On July 8, the entire WILDDESIGN team came together once again in Gelsenkirchen to discuss the basics and subtleties of quality management (QM) in the design process with Dr. Marian Gransow (VIVE-MedTech). We regularly hold such events to deepen and refresh our knowledge and develop it further together.

Quality management as part of the understanding of design

High normative requirements apply in medical technology - and rightly so. Dealing with risks, the traceability of decisions and complete documentation are not options, but a necessary basis for safe, marketable products. At the same time, the concept of quality in medical device development is changing: away from bureaucratic control and towards an active design instrument.

WILDDESIGN therefore consciously integrates QM into the medical design process - in other words, into the way we develop user-centered, innovative and regulatory-compliant products. Our customers value precisely this connection: creative ideas that are viable in a regulatory context. For this to succeed, our teams need a common understanding - and an intuitive QM system that harmonizes with daily project practice.

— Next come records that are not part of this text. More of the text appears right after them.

(* q is a regular version of the conditional probability P[ . | I_e]:
   for each measurable A, x |-> q(A|x) is I_e-measurable (part of being a
   kernel from (X,I_e)) and \int_I q(A|x) p(dx) = p(A /\ I) for I in I_e. *)
Definition is_reg_cond_prob (R : realType) d (X : measurableType d)
  (p : {measure set X -> \bar R}) (e : X -> {measure set X -> \bar R})
  (q : R.-pker (Ie_type p e) ~> X) : Prop :=
  forall A : set X, measurable A ->
    forall I : set (Ie_type p e), measurable I ->
      (\int[p]_(x in (I : set X)) q (x : Ie_type p e) A)%E = p (A `&` I).

Arguments p_Ie {R d X} p e.
Arguments pi_ker {R d X} p e.
Arguments id_Ie {R d X} p e.
Arguments Ie_type {R d X} p e.
Arguments is_reg_cond_prob {R d X} p e q.

From HB Require Import structures.
From mathcomp Require Import all_boot all_order all_algebra.
From mathcomp Require Import all_classical all_reals all_analysis.
From mathcomp Require Import measurable_realfun ring.
Import Order.TTheory GRing.Theory Num.Theory.
Local Open Scope classical_set_scope.
Local Open Scope ring_scope.

(* Fix a measurable C and write r x := e(C | x).  By idempotence, r x is the
   mean of r under e(. | x), so V x := \int (r y - r x)^2 e(dy | x) satisfies
   V x + r(x)^2 = \int r^2 de(. | x).  Integrating against p, which e
   preserves, gives \int V dp = 0: for p-a.e. x, r is e(. | x)-a.s. equal to
   r x.  Hence every superlevel set of r is invariant, i.e. r is
   I_e-measurable; as \int_I r dp = p (C `&` I) for I in I_e, r is a version of
   P[C | I_e], and two I_e-measurable versions agree outside an I_e-null set.
   Comparing with pi^+ (C | .) = (pi^+ o pi)(C | .) gives pi^+ o pi = e; the
   same uniqueness applied to 1_B, B in I_e, gives pi o pi^+ = id. *)

Lemma ae_notin_measure0 d (T : measurableType d) (R : realType)
    (mu : {measure set T -> \bar R}) (A : set T) :
  measurable A -> {ae mu, forall y, ~ A y} -> mu A = 0%E.
Proof.
move=> mA aeA; apply: measure_negligible mA _.
by apply: negligibleS aeA => y Ay /=; apply.
Qed.
Lemma right_mul_rmorph : rmorph_on U right_mul.
Proof.
have U1 := subring1 sU.
split=> [|x y Ux Uy].
  apply: bicommutant_ext => a; apply: balanced_map_ext => m w.
  rewrite right_mulE //; case: asboolP => Uw; first by rewrite mul1r.
  by case: a => [a [a_bal a4]] /=; rewrite a4.
have [UxDy UxMy] := (subringD sU Ux Uy, subringM sU Ux Uy).
split; apply: bicommutant_ext => a; apply: balanced_map_ext => m w /=;
  rewrite !right_mulE //; case: asboolP => [Uw|_]; rewrite ?addr0 //.
  by case: a => [a [[a1 a2 a3] a4]] /=; rewrite mulrDl a2 //; apply: (subringM sU).
by rewrite asboolT ?mulrA 1?[y * x]mulrC //; apply: (subringM sU).
Qed.

Lemma left_mul_right_mul r : R r -> left_mul r = right_mul r.
Proof.
move=> Rr; apply: bicommutant_ext => a; apply: balanced_map_ext => m w /=.
rewrite right_mulE; last exact: RU.
case: a => [a [[a1 a2 a3] a4]] /=.
by case: asboolP => [Uw|nUw]; [apply: a3 | rewrite a4].
Qed.

Lemma epi_balanced_swap (phi : S -> S -> P) u :
  epi R U -> balanced R U mulS phi -> U u -> phi u 1 = phi 1 u.
Proof.
move=> epiRU [phi1 phi2 phi3] Uu.
pose phiU m w := if `[< U w >] then phi m w else 0.
have phiU_bal : balanced_on_U phiU.
  split=> [|m w nUw]; last by rewrite /phiU; case: asboolP.
  split=> [m m' w Uw|m w w' Uw Uw'|c m w Rc Uw]; rewrite /phiU !asboolT //.
  - exact: phi1.
  - exact: phi2.
  - exact: (subringD sU).
  - exact: phi3.
  - by apply: (subringM sU) => //; apply: RU.
have := epiRU _ _ _ left_mul_rmorph right_mul_rmorph left_mul_right_mul u Uu.
move=> /(congr1 (fun e : C => sval (sval e (exist _ phiU phiU_bal)) 1 1)) /=.
by rewrite right_mulE //= /phiU !mulr1 !asboolT //; apply: (subring1 sU).
Qed.

End EpiBalanced.

(** * The conductor of a flat epimorphism *)

Section SpanProd.
Variable S : comNzRingType.

Definition conductor (R : S -> Prop) (u r : S) := R r /\ R (r * u).

Definition span_prod (J A : S -> Prop) (z : S) := exists s : seq (S * S),
  (forall p, p \in s -> J p.1 /\ A p.2) /\ z = \sum_(p <- s) p.1 * p.2.

Variables J A : S -> Prop.

Lemma span_prod0 : span_prod J A 0.
Proof. by exists [::]; rewrite big_nil. Qed.

Lemma span_prod_mul j a : J j -> A a -> span_prod J A (j * a).
Proof.
move=> Jj Aa; exists [:: (j, a)]; rewrite big_seq1; split=> // p.
by rewrite inE => /eqP ->.
Qed.

Lemma span_prodD x y : span_prod J A x -> span_prod J A y -> span_prod J A (x + y).
Proof.
move=> [s [Js ->]] [t [Jt ->]]; exists (s ++ t); rewrite big_cat; split=> // p.
by rewrite mem_cat => /orP[/Js|/Jt].
Qed.

Lemma span_prodN x : (forall a, A a -> A (- a)) -> span_prod J A x -> span_prod J A (- x).
Proof.
move=> AN [s [Js ->]]; exists [seq (p.1, - p.2) | p <- s]; split.
  by move=> _ /mapP[p /Js[Jp Ap] ->]; split=> //; apply: AN.
by rewrite big_map -sumrN; apply: eq_bigr => p _; rewrite mulrN.
Qed.

End SpanProd.

Section FlatEpiConductor.
Variables (S : comNzRingType) (R U : S -> Prop) (u : S).
Hypotheses (sR : subring R) (sU : subring U) (RU : incl R U) (Uu : U u).

Local Notation mulS := (fun a m : S => a * m).

Definition Ru_pred : {pred S} := fun x => `[< exists b, R b /\ R (x - b * u) >].

Lemma Ru_closed : zmod_closed Ru_pred.
Proof.
split=> [|x y /asboolP[b [Rb Rx]] /asboolP[c [Rc Ry]]]; apply/asboolP.
  by exists 0; rewrite mul0r subr0; split; apply: subring0.
exists (b - c); split; first exact: subringB.
have -> : x - y - (b - c) * u = (x - b * u) - (y - c * u) by ring.
exact: subringB.
Qed.
HB.instance Definition _ := GRing.isZmodClosed.Build S Ru_pred Ru_closed.

Definition Ru := {x : S | Ru_pred x}.
HB.instance Definition _ := [isSub for (@proj1_sig S Ru_pred : Ru -> S)].
HB.instance Definition _ := [Choice of Ru by <:].
HB.instance Definition _ := [SubChoice_isSubZmodule of Ru by <:].

Lemma Ru1 : 1 \in Ru_pred.
Proof.
by apply/asboolP; exists 0; rewrite mul0r subr0; split; [apply: subring0 | apply: subring1].
Qed.

Lemma Ru_u : u \in Ru_pred.
Proof.
by apply/asboolP; exists 1; rewrite mul1r subrr; split; [apply: subring1 | apply: subring0].
Qed.

Lemma Ru_mul a x : R a -> x \in Ru_pred -> a * x \in Ru_pred.
Proof.
move=> Ra /asboolP[b [Rb Rx]]; apply/asboolP; exists (a * b); split.
  exact: subringM.
by rewrite -mulrA -mulrBr; apply: subringM.
Qed.

Definition Ru_scale (a : S) (m : Ru) : Ru :=
  if pselect (R a) is left Ra then exist _ (a * val m) (Ru_mul Ra (valP m)) else m.

Lemma Ru_scaleE a m : R a -> val (Ru_scale a m) = a * val m.
Proof. by rewrite /Ru_scale; case: pselect. Qed.

Lemma Ru_scale_mod : is_mod R Ru_scale.
Proof.
move=> a b m n Ra Rb; have R1 := subring1 sR.
have [RaDb RaMb] := (subringD sR Ra Rb, subringM sR Ra Rb).
by split; apply: val_inj; rewrite /= !Ru_scaleE //= (mulrDr, mulrDl, mulrA, mul1r).
Qed.

Lemma mul_mod : is_mod R mulS.
Proof. by move=> a b m n _ _; rewrite mulrDr mulrDl mulrA mul1r. Qed.

Definition Ru_coef (x : S) : S := xget 0 (fun b => R b /\ R (x - b * u)).

Lemma Ru_coefP x : x \in Ru_pred -> R (Ru_coef x) /\ R (x - Ru_coef x * u).
Proof. by move=> /asboolP; apply: xgetPex. Qed.

Lemma conductor_coef_diff x b c :
  R b -> R (x - b * u) -> R c -> R (x - c * u) -> conductor R u (b - c).
Proof.
move=> Rb Rxb Rc Rxc; split; first exact: subringB.
have -> : (b - c) * u = (x - c * u) - (x - b * u) by ring.
exact: subringB.
Qed.

Definition conductor_span := span_prod (conductor R u) U.

Definition conductor_span_pred : {pred S} := fun x => `[< conductor_span x >].

Lemma conductor_span_closed : zmod_closed conductor_span_pred.
Proof.
split=> [|x y /asboolP Ix /asboolP Iy]; apply/asboolP; first exact: span_prod0.
apply: span_prodD Ix _; apply: span_prodN Iy; exact: subringN.
Qed.
HB.instance Definition _ :=
  GRing.isZmodClosed.Build S conductor_span_pred conductor_span_closed.

Local Notation Q := (Quotient.quot (conductor_span_pred : zmodClosed S)).

Lemma piQ_eq0 x : \pi_Q x = 0 -> conductor_span x.
Proof.
by move=> /eqP; rewrite -(raddf0 \pi_Q) -Quotient.idealrBE subr0 => /asboolP.
Qed.

Lemma piQ_conductor b c w : conductor R u (b - c) -> U w -> \pi_Q (b * w) = \pi_Q (c * w).
Proof.
move=> Ibc Uw; apply/eqP; rewrite -Quotient.idealrBE -mulrBl; apply/asboolP.
exact: span_prod_mul.
Qed.

(* (a + b u) (x) w |-> b w : the choice of b only matters modulo (R : u) U. *)
Definition coef_tensor (m : Ru) (w : S) : Q := \pi_Q (Ru_coef (val m) * w).

Lemma coef_tensor_balanced : balanced R U Ru_scale coef_tensor.
Proof.
split=> [m m' w Uw|m w w' Uw Uw'|a m w Ra Uw]; rewrite /coef_tensor.
- rewrite -raddfD -mulrDl; apply: piQ_conductor => //.
  have [[Rm Rmu] [Rm' Rmu']] := (Ru_coefP (valP m), Ru_coefP (valP m')).
  have [Rs Rsu] := Ru_coefP (valP (m + m')).
  apply: (@conductor_coef_diff (val (m + m'))) => //; first exact: subringD.
  have -> : val (m + m') - (Ru_coef (val m) + Ru_coef (val m')) * u
            = (val m - Ru_coef (val m) * u) + (val m' - Ru_coef (val m') * u).
    by rewrite /=; ring.
  exact: subringD.
- by rewrite -raddfD mulrDr.
- rewrite mulrA; apply: piQ_conductor => //.
  have [Rm Rmu] := Ru_coefP (valP m); have [Rs Rsu] := Ru_coefP (valP (Ru_scale a m)).
  apply: (@conductor_coef_diff (val (Ru_scale a m))) => //; first exact: subringM.
  have -> : val (Ru_scale a m) - Ru_coef (val m) * a * u
            = a * (val m - Ru_coef (val m) * u) by rewrite Ru_scaleE //; ring.
  exact: subringM.
Qed.

Lemma balanced_oppr (M P : zmodType) (sc : S -> M -> M) (phi : M -> S -> P) m w :
  balanced R U sc phi -> U w -> phi m (- w) = - phi m w.
Proof.
move=> [_ phiD _] Uw; have U0 := subring0 sU; have UNw := subringN sU Uw.
have phi0 : phi m 0 = 0 by apply: (addrI (phi m 0)); rewrite -phiD ?addr0.
by apply/eqP; rewrite -addr_eq0 -phiD // addNr phi0.
Qed.

Definition Ru_one : Ru := exist _ 1 Ru1.
Definition Ru_gen : Ru := exist _ u Ru_u.

Lemma Ru_swap_tensor_zero : flat R U -> epi R U ->
  tensor_zero R U Ru_scale [:: (Ru_one, u); (Ru_gen, -1)].
Proof.
move=> flatRU epiRU; have U1 := subring1 sU.
have val_linear : is_Alinear R Ru_scale mulS val by split=> // a m Ra; rewrite Ru_scaleE.
apply: (flatRU _ _ _ _ Ru_scale_mod mul_mod _ val_linear val_inj).
  by move=> p; rewrite !inE => /orP[] /eqP -> //; apply: (subringN sU).
move=> P phi phi_bal; rewrite !big_cons big_nil /= addr0 (balanced_oppr _ phi_bal U1).
by rewrite (epi_balanced_swap sU RU epiRU phi_bal Uu) subrr.
Qed.

Lemma conductor_span1 : conductor_span (Ru_coef 1 * u - Ru_coef u) -> conductor_span 1.
Proof.
move=> span_diff; have [R1 U1] := (subring1 sR, subring1 sU).
have [[Rc1 Rc1u] [Rcu Rcuu]] := (Ru_coefP Ru1, Ru_coefP Ru_u).
have cond1 : conductor R u (Ru_coef 1).
  split=> //; have -> : Ru_coef 1 * u = 1 - (1 - Ru_coef 1 * u) by ring.
  exact: subringB.
have condu : conductor R u (Ru_coef u - 1).
  split; first exact: subringB.
  by rewrite mulrBl mul1r -opprB; apply: subringN.
suff : 1 \in conductor_span_pred by move/asboolP.
have -> : 1 = Ru_coef 1 * u - (Ru_coef u - 1) * 1 - (Ru_coef 1 * u - Ru_coef u) by ring.
apply: rpredB; last exact/asboolP.
by apply: rpredB; apply/asboolP; apply: span_prod_mul.
Qed.

Lemma flat_epi_conductor : flat R U -> epi R U -> conductor_span 1.
Proof.
move=> flatRU epiRU; apply/conductor_span1/piQ_eq0.
have := Ru_swap_tensor_zero flatRU epiRU coef_tensor_balanced.
by rewrite !big_cons big_nil addr0 /coef_tensor -raddfD mulrN1.
Qed.

End FlatEpiConductor.

(** * Integral extensions and ideals *)

Lemma companionmx_powers (S : comNzRingType) (p : {poly S}) (w : S) :
  p \is monic -> root p w ->
  let v := \col_(i < (size p).-1) w ^+ i in companionmx p *m v = w *: v.
Proof.
move=> mon_p /rootP pw v; apply/colP => i; rewrite !mxE -exprS.
under eq_bigr => j _ do rewrite !mxE.
case: eqP => [i_last|i_notlast].
  have -> : i.+1 = (size p).-1 by rewrite i_last prednK // (leq_ltn_trans _ (ltn_ord i)).
  move: pw; rewrite (horner_coef_wide _ (leqSpred _)) big_ord_recr /=.
  rewrite -lead_coefE (monicP mon_p) mul1r addrC => /eqP; rewrite addr_eq0 => /eqP ->.
  by rewrite -sumrN; apply: eq_bigr => j _; rewrite mulNr.
have i1_lt : (i.+1 < (size p).-1)%N.
  rewrite ltn_neqAle ltn_ord andbT; apply/eqP => i1_last.
  by apply: i_notlast; rewrite -[in RHS]i1_last.
rewrite (bigD1 (Ordinal i1_lt)) //= eqxx mul1r big1 ?addr0 // => j j_neq.
by move: j_neq; rewrite -val_eqE /= eq_sym => /negbTE ->; rewrite mul0r.
Qed.

Section Eigenvector.
Variables (S : comNzRingType) (n : nat) (K : 'M[S]_n) (v : 'cV[S]_n) (w : S).
Hypothesis Kv : K *m v = w *: v.

Lemma mulmx_eigen_exp m : K ^+ m *m v = w ^+ m *: v.
Proof.
elim: m => [|m IH]; first by rewrite !expr0 scale1r mul1mx.
by rewrite exprSr -mulmxA Kv -scalemxAr IH scalerA -exprS.
Qed.

Lemma mulmx_eigen_horner (Q : {poly S}) :
  (\sum_(i < size Q) Q`_i *: K ^+ i) *m v = Q.[w] *: v.
Proof.
rewrite mulmx_suml horner_coef scaler_suml; apply: eq_bigr => i _.
by rewrite -scalemxAl mulmx_eigen_exp scalerA.
Qed.

End Eigenvector.

Lemma det_mulmx_eq0 (S : comNzRingType) n (A : 'M[S]_n) (v : 'cV_n) i :
  A *m v = 0 -> \det A * v i 0 = 0.
Proof.
move=> Av; have := congr1 (fun B => (\adj A *m B) i 0) Av.
by rewrite /= mulmxA mul_adj_mx mul_scalar_mx mulmx0 !mxE.
Qed.

Section Ideal.
Variable S : comNzRingType.

Definition ideal (V J : S -> Prop) :=
  [/\ incl J V, J 0, (forall x y, J x -> J y -> J (x + y))
    & (forall a x, V a -> J x -> J (a * x))].

Definition integral_over (V : S -> Prop) (w : S) :=
  exists p : {poly S}, [/\ p \is monic, (forall i, V p`_i) & root p w].

Variables (V J : S -> Prop).
Hypotheses (sV : subring V) (iJ : ideal V J).

Lemma ideal_sub x : J x -> V x. Proof. by case: iJ => + _ _ _; apply. Qed.
Lemma ideal0 : J 0. Proof. by case: iJ. Qed.
Lemma idealD x y : J x -> J y -> J (x + y). Proof. by case: iJ => _ _ + _; apply. Qed.
Lemma idealM a x : V a -> J x -> J (a * x). Proof. by case: iJ => _ _ _; apply. Qed.
Lemma idealN x : J x -> J (- x).
Proof. by rewrite -mulN1r; apply: idealM; apply: (subringN sV); apply: (subring1 sV). Qed.
Lemma ideal_sum I (r : seq I) (P : pred I) (F : I -> S) :
  (forall i, P i -> J (F i)) -> J (\sum_(i <- r | P i) F i).
Proof. by apply: big_ind; [apply: ideal0 | apply: idealD]. Qed.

Learning in the context of real projects

The current training course was deliberately designed with a practical focus: After a compact refresher of the basics - particularly in relation to our interfaces with the customer - we presented the updates to our internal quality management system in Confluence. The aim was to enable all team members to understand this system as an integral part of their daily project work and to use it confidently. The focus was not only on documentation routines, but also on requirements for usability engineering and mechanical product safety - such as stability, tilt resistance and robust construction. What requirements apply? What evidence do we need? How do we communicate risks and decisions transparently?

A central component was the joint reality check in the group: we analyzed a specific project from the recent past. How did it work? What decisions were made - and how would our internal QMS have supported or changed this process today? This format brought theory and practice together and created the necessary transfer.

Design is responsibility - and quality is a promise

In times of increasing regulatory complexity, the design process becomes the decisive bridge between ideas and market maturity. Our aim is to design safe, functional and inspiring products together with our customers - whether for operating theaters, intensive care units, surgeries or homecare.

The regular training of our team is a building block of this claim. They ensure that we work with a common understanding of quality across locations and disciplines. Because we believe that quality is not created through control alone - it is created through dialog, attitude and responsibility in the project.